▶ _How to complete this task_
Search the listing below for the string "under", then copy every line it appears in.

▶ _Provided material_

(* Let $n\ge2$ be an integer, $\nu\in\{1,2,\dots,n\}$ and $N=2n+1$. Let $z_1,\dots,z_N$ be the roots of the polynomial \[s_n(z)+z^Ns_n(1/z),\qquad s_n(z):=\sum_{j=0}^q\frac{(-z^\nu)^j}{\nu^jj!},\qquad q:=\lfloor n/\nu\rfloor.\] Then all $z_k$ lie on the unit circle, the numbers $t_k:=\arg z_k\in[0,2\pi)$ are pairwise distinct, and for every trigonometric polynomial \[T_n(t)=\sum_{m=1}^n\tau_m(t),\qquad\tau_m(t)=a_m\cos mt+b_m\sin mt,\quad a_m,b_m\in\mathbb{R},\] the identity $\tau_\nu(t)\equiv\sum_{k=1}^NT_n(t-t_k)$ holds for all real $t$. *)

From HB Require Import structures.
From mathcomp Require Import all_boot all_order all_algebra.
From mathcomp Require Import all_classical all_reals all_analysis.
From mathcomp Require Import complex.
Set Implicit Arguments. Unset Strict Implicit. Unset Printing Implicit Defensive.
Import Order.TTheory GRing.Theory Num.Theory.
Local Open Scope ring_scope.
Local Open Scope complex_scope.

Definition s_poly (R : realType) (n nu : nat) : {poly R[i]} :=
  \sum_(j < (n %/ nu).+1)
     (((-1) ^+ j) / ((nu ^ j * j`!)%N%:R)) *: 'X^(nu * j).

(* z^N s_n(1/z) with N = 2n+1 (all exponents nu*j <= n < N) *)
Definition s_rev_poly (R : realType) (n nu : nat) : {poly R[i]} :=
  \sum_(j < (n %/ nu).+1)
     (((-1) ^+ j) / ((nu ^ j * j`!)%N%:R)) *: 'X^((2 * n).+1 - nu * j).

Definition P_poly (R : realType) (n nu : nat) : {poly R[i]} :=
  s_poly R n nu + s_rev_poly R n nu.

Definition trig_poly (R : realType) (n : nat) (a b : nat -> R) (t : R) : R :=
  \sum_(1 <= m < n.+1) (a m * cos (m%:R * t) + b m * sin (m%:R * t)).

From HB Require Import structures.
From mathcomp Require Import all_boot all_order all_algebra.
From mathcomp Require Import all_classical all_reals all_analysis.
From mathcomp Require Import complex.
From mathcomp Require Import zify ring.
Set Implicit Arguments.
Unset Strict Implicit.
Unset Printing Implicit Defensive.
Import Order.TTheory GRing.Theory Num.Theory.
Local Open Scope ring_scope.

(* Write P = s + A with A(z) = z^N s(1/z). Since s(z) = e_q(-z^nu / nu), where e_q is
   the truncated exponential, and e_q has no zeros in the closed unit disk
   (Enestrom-Kakeya), all roots a of A lie in the open unit disk and s = \prod (1 - a z).
   The Blaschke factors (z - a) / (1 - conj(a) z) then show |A(z)| <> |s(z)| off the
   unit circle, so every root of P has modulus 1; it is simple because
   z P'(z) / A(z) has positive real part there. Finally P = \prod_k (1 - z_k z) is
   self-reciprocal, and comparing logarithmic derivatives modulo z^(n+1) (Newton's
   identities) with z s' = -z^nu s + O(z^(n+1)) gives \sum_k z_k^m = [m = nu] for
   1 <= m <= n, which is the trigonometric identity by de Moivre. *)

Section TruncatedExponential.
Variable C : numClosedFieldType.

Definition exp_trunc (k : nat) (w : C) : C := \sum_(j < k.+1) w ^+ j / j`!%:R.

(* Enestrom-Kakeya: 1 - (1 - w) e_k(w) is a convex combination of w, ..., w^k.+1. *)
Definition exp_trunc_weight (k j : nat) : C :=
  (j.-1)`!%:R^-1 - (if (j <= k)%N then j`!%:R^-1 else 0).

Local Notation kappa := exp_trunc_weight.

Lemma sum_exp_trunc_weightX k w :
  \sum_(j < k.+2) kappa k j * w ^+ j = 1 - (1 - w) * exp_trunc k w.
Proof.
rewrite /kappa; under eq_bigr do rewrite mulrBl.
rewrite sumrB big_ord_recl /= fact0 invr1 mul1r expr0.
rewrite [X in _ - X]big_ord_recr /= ltnn mul0r addr0.
under [X in _ + X - _]eq_bigr do rewrite /bump /= add1n /= exprS mulrCA.
rewrite -mulr_sumr.
under [X in _ - X]eq_bigr => j _ do rewrite (leq_ord j) mulrC.
under [X in w * X]eq_bigr do rewrite add0n mulrC.
by rewrite /exp_trunc; ring.
Qed.

Lemma exp_trunc_weight0 k : kappa k 0 = 0.
Proof. by rewrite /kappa subrr. Qed.

Lemma exp_trunc_weight_sum k : \sum_(j < k.+2) kappa k j = 1.
Proof.
have := sum_exp_trunc_weightX k 1; rewrite subrr mul0r subr0 => <-.
by apply: eq_bigr => j _; rewrite expr1n mulr1.
Qed.

Lemma exp_trunc_weight_ge0 k j : 0 <= kappa k j.
Proof.
rewrite /kappa; case: ifP => _; last by rewrite subr0 invr_ge0 ler0n.
case: j => [|j] /=; first by rewrite fact0 subrr.
by rewrite subr_ge0 lef_pV2 ?posrE ?ltr0n ?fact_gt0 // ler_nat factS leq_pmull.
Qed.

Lemma exp_trunc_weight_gt0 k j : (2 <= j)%N -> 0 < kappa k j.
Proof.
move=> j_ge2; rewrite /kappa; case: ifP => _.
  case: j j_ge2 => [|j] //= j_ge2.
  rewrite subr_gt0 ltf_pV2 ?posrE ?ltr0n ?fact_gt0 // ltr_nat factS.
  by rewrite -[X in (X < _)%N]mul1n ltn_pmul2r ?fact_gt0.
by rewrite subr0 invr_gt0 ltr0n fact_gt0.
Qed.

Lemma conjC_exp_trunc_weight k j : (kappa k j)^* = kappa k j.
Proof.
by rewrite /kappa rmorphB fmorphV rmorph_nat; case: ifP; rewrite ?rmorph0 ?fmorphV ?rmorph_nat.
Qed.

Lemma exp_trunc_neq0_lt1 k w : `|w| < 1 -> exp_trunc k w != 0.
Proof.
move=> w_lt1; apply/eqP => e0.
have : `|\sum_(j < k.+2) kappa k j * w ^+ j| <= `|w|.
  apply: le_trans (ler_norm_sum _ _ _) _.
  rewrite -[leRHS]mul1r -(exp_trunc_weight_sum k) mulr_suml.
  apply: ler_sum => -[[|j] j_lt] _ /=; first by rewrite exp_trunc_weight0 mul0r normr0 mul0r.
  rewrite normrM ger0_norm ?exp_trunc_weight_ge0 // normrX ler_wpM2l ?exp_trunc_weight_ge0 //.
  by rewrite exprS ler_piMr ?normr_ge0 // exprn_ile1 ?normr_ge0 // ltW.
by rewrite sum_exp_trunc_weightX e0 mulr0 subr0 normr1 => /(lt_le_trans w_lt1); rewrite ltxx.
Qed.

(* On the unit circle, \sum_j kappa_j |1 - w^j|^2 = 0 forces w^2 = w^3 = 1. *)
Lemma exp_trunc_neq0_norm1 k w : (2 <= k)%N -> `|w| = 1 -> exp_trunc k w != 0.
Proof.
move=> k_ge2 w1; apply/eqP => e0.
have kw1 : \sum_(j < k.+2) kappa k j * w ^+ j = 1.
  by rewrite sum_exp_trunc_weightX e0 mulr0 subr0.
have sum0 : \sum_(j < k.+2) kappa k j * `|1 - w ^+ j| ^+ 2 = 0.
  transitivity (\sum_(j < k.+2)
      (2 * kappa k j - kappa k j * w ^+ j - (kappa k j * w ^+ j)^*)).
    apply: eq_bigr => j _.
    have wj1 : w ^+ j * (w ^+ j)^* = 1 by rewrite -normCK normrX w1 !expr1n.
    have -> : (2 : C) = 1 + w ^+ j * (w ^+ j)^* by rewrite wj1.
    by rewrite normCK rmorphB rmorph1 rmorphM /= conjC_exp_trunc_weight; ring.
  by rewrite !sumrB -mulr_sumr exp_trunc_weight_sum -rmorph_sum kw1 rmorph1; ring.
have wj_eq1 (j : nat) : (2 <= j < k.+2)%N -> w ^+ j = 1.
  case/andP=> j_ge2 j_lt.
  have nneg (i : 'I_k.+2) : true -> 0 <= kappa k i * `|1 - w ^+ i| ^+ 2.
    by rewrite mulr_ge0 ?exp_trunc_weight_ge0 ?exprn_ge0.
  have /eqP := psumr_eq0P nneg sum0 (i := Ordinal j_lt) isT.
  rewrite mulf_eq0 gt_eqF ?exp_trunc_weight_gt0 //= expf_eq0 /= normr_eq0 subr_eq0.
  by move/eqP <-.
have w_eq1 : w = 1.
  by have := wj_eq1 3%N ltac:(lia); rewrite exprS wj_eq1 ?mulr1 //; lia.
have : 1 <= exp_trunc k w.
  rewrite w_eq1 /exp_trunc big_ord_recl expr1n fact0 divr1 lerDl.
  by apply: sumr_ge0 => j _; rewrite expr1n divr_ge0 ?ler0n.
by rewrite e0 ler10.
Qed.

End TruncatedExponential.

Section BlaschkeFactors.
Variable C : numClosedFieldType.
Implicit Types a w z : C.

Lemma blaschke_factor_identity a z :
  `|1 - a^* * z| ^+ 2 - `|z - a| ^+ 2 = (1 - `|a| ^+ 2) * (1 - `|z| ^+ 2).
Proof. by rewrite !normCK !rmorphB !rmorph1 !rmorphM /= conjCK; ring. Qed.

Lemma norm_blaschke_prod_eq (r : seq C) z : r != [::] ->
  {in r, forall a, `|a| < 1} ->
  \prod_(a <- r) `|z - a| = \prod_(a <- r) `|1 - a^* * z| -> `|z| = 1.
Proof.
move=> r_neq0 r_disk eq_prod.
have has_r : has (fun a => a \in r) r.
  by case: r r_neq0 {r_disk eq_prod} => // a r _; rewrite /= mem_head.
have lt_sq (x y : C) : (`|x| ^+ 2 < `|y| ^+ 2) = (`|x| < `|y|).
  by rewrite ltr_pXn2r // nnegrE normr_ge0.
case: (real_ltgtP (normr_real z) (@real1 C)) => // [z_lt1|z_gt1].
- have : \prod_(a <- r) `|z - a| < \prod_(a <- r) `|1 - a^* * z|.
    rewrite big_seq [X in _ < X]big_seq; apply: ltr_prod => // a /r_disk a_lt1.
    rewrite normr_ge0 -lt_sq -subr_gt0.
    by rewrite blaschke_factor_identity mulr_gt0 // subr_gt0 exprn_ilt1.
  by rewrite eq_prod ltxx.
- have : \prod_(a <- r) `|1 - a^* * z| < \prod_(a <- r) `|z - a|.
    rewrite big_seq [X in _ < X]big_seq; apply: ltr_prod => // a /r_disk a_lt1.
    rewrite normr_ge0 -lt_sq -subr_gt0 -opprB.
    by rewrite blaschke_factor_identity oppr_gt0 pmulr_rlt0 ?subr_lt0 ?exprn_egt1 //
               subr_gt0 exprn_ilt1.
  by rewrite eq_prod ltxx.
Qed.

Lemma inv_subr1_add_conj_gt1 w : `|w| < 1 -> 1 < (1 - w)^-1 + ((1 - w)^-1)^*.
Proof.
move=> w_lt1.
have w_neq1 : 1 - w != 0 by rewrite subr_eq0; apply: contraTneq w_lt1 => <-; rewrite normr1 ltxx.
have wc_neq1 : 1 - w^* != 0 by rewrite -conjC1 -rmorphB conjC_eq0.
rewrite -subr_gt0 fmorphV rmorphB rmorph1.
have -> : (1 - w)^-1 + (1 - w^*)^-1 - 1 = (1 - w * w^*) / ((1 - w) * (1 - w^*)).
  by field; rewrite wc_neq1 w_neq1.
have -> : (1 - w) * (1 - w^*) = `|1 - w| ^+ 2 by rewrite normCK rmorphB rmorph1.
by rewrite -normCK divr_gt0 ?subr_gt0 ?exprn_ilt1 // exprn_gt0 // normr_gt0.
Qed.

(* For |z| = 1, z (a / (1 - a z) + 1 / (z - a)) = (1 - a z)^-1 + (1 - a / z)^-1 - 1,
   and both inverses have real part > 1/2. *)
Lemma sum_blaschke_logderiv_neq0 (r : seq C) z : r != [::] ->
  {in r, forall a, `|a| < 1} -> `|z| = 1 ->
  \sum_(a <- r) (a / (1 - a * z) + (z - a)^-1) != 0.
Proof.
move=> r_neq0 r_disk z1.
have z_neq0 : z != 0 by rewrite -normr_gt0 z1.
pose tau a := (1 - a * z)^-1 - 1 + (1 - a * z^-1)^-1.
have tau_pos a : a \in r -> 0 < tau a + (tau a)^*.
  move=> /r_disk a_lt1.
  have az_lt1 : `|a * z| < 1 by rewrite normrM z1 mulr1.
  have azV_lt1 : `|a * z^-1| < 1 by rewrite normrM normfV z1 invr1 mulr1.
  have -> : tau a + (tau a)^* = ((1 - a * z)^-1 + ((1 - a * z)^-1)^* - 1)
                               + ((1 - a / z)^-1 + ((1 - a / z)^-1)^* - 1).
    by rewrite /tau !rmorphD rmorphN rmorph1; ring.
  by rewrite addr_gt0 // subr_gt0 inv_subr1_add_conj_gt1.
have tauE a : a \in r -> z * (a / (1 - a * z) + (z - a)^-1) = tau a.
  move=> /r_disk a_lt1.
  have neq1 w : `|w| = 1 -> 1 - a * w != 0.
    move=> w1; rewrite subr_eq0; apply: contraTneq a_lt1 => /(congr1 Num.norm).
    by rewrite normr1 normrM w1 mulr1 => <-; rewrite ltxx.
  have za_neq0 : z - a != 0 by rewrite subr_eq0; apply: contraTneq a_lt1 => <-; rewrite z1 ltxx.
  by rewrite /tau; field; rewrite z_neq0 za_neq0 neq1 // neq1 // normfV z1 invr1.
have has_r : has (fun a => a \in r) r.
  by case: r r_neq0 {r_disk tau_pos tauE} => // a r _; rewrite /= mem_head.
apply: contraTneq isT => sum0.
have : \sum_(a <- r | a \in r) (0 : C) < \sum_(a <- r | a \in r) (tau a + (tau a)^*).
  exact: ltr_sum.
rewrite big1 // big_split /= -rmorph_sum.
under eq_bigr => a a_r do rewrite -(tauE a a_r).
by rewrite -big_seq -mulr_sumr sum0 mulr0 rmorph0 addr0 ltxx.
Qed.

End BlaschkeFactors.

Lemma poly_eq_on_neq0 (R : numDomainType) (p q : {poly R}) :
  (forall x, x != 0 -> p.[x] = q.[x]) -> p = q.
Proof.
move=> eq_pq; apply/eqP; rewrite -subr_eq0; apply: contraT => d_neq0.
pose xs := [seq i.+1%:R : R | i <- iota 0 (size (p - q))].
have roots_xs : all (root (p - q)) xs.
  by apply/allP => _ /mapP[i _ ->]; rewrite /root hornerD hornerN eq_pq ?subrr ?pnatr_eq0.
have uniq_xs : uniq xs.
  by rewrite map_inj_uniq ?iota_uniq // => i j /eqP; rewrite eqr_nat => /eqP[].
by have := max_poly_roots d_neq0 roots_xs uniq_xs; rewrite size_map size_iota ltnn.
Qed.

Lemma prod_subVr (F : fieldType) (I : Type) (r : seq I) (g : I -> F) y : y != 0 ->
  y ^+ size r * \prod_(i <- r) (y^-1 - g i) = \prod_(i <- r) (1 - g i * y).
Proof.
move=> y_neq0; elim: r => [|a r IH]; first by rewrite !big_nil expr0 mul1r.
by rewrite !big_cons /= exprS -IH mulrACA mulrBr mulfV // [y * _]mulrC.
Qed.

▶ _Task solution_
rewrite /kappa; under eq_bigr do rewrite mulrBl.
under [X in _ + X - _]eq_bigr do rewrite /bump /= add1n /= exprS mulrCA.
under [X in _ - X]eq_bigr => j _ do rewrite (leq_ord j) mulrC.
under [X in w * X]eq_bigr do rewrite add0n mulrC.
under eq_bigr => a a_r do rewrite -(tauE a a_r).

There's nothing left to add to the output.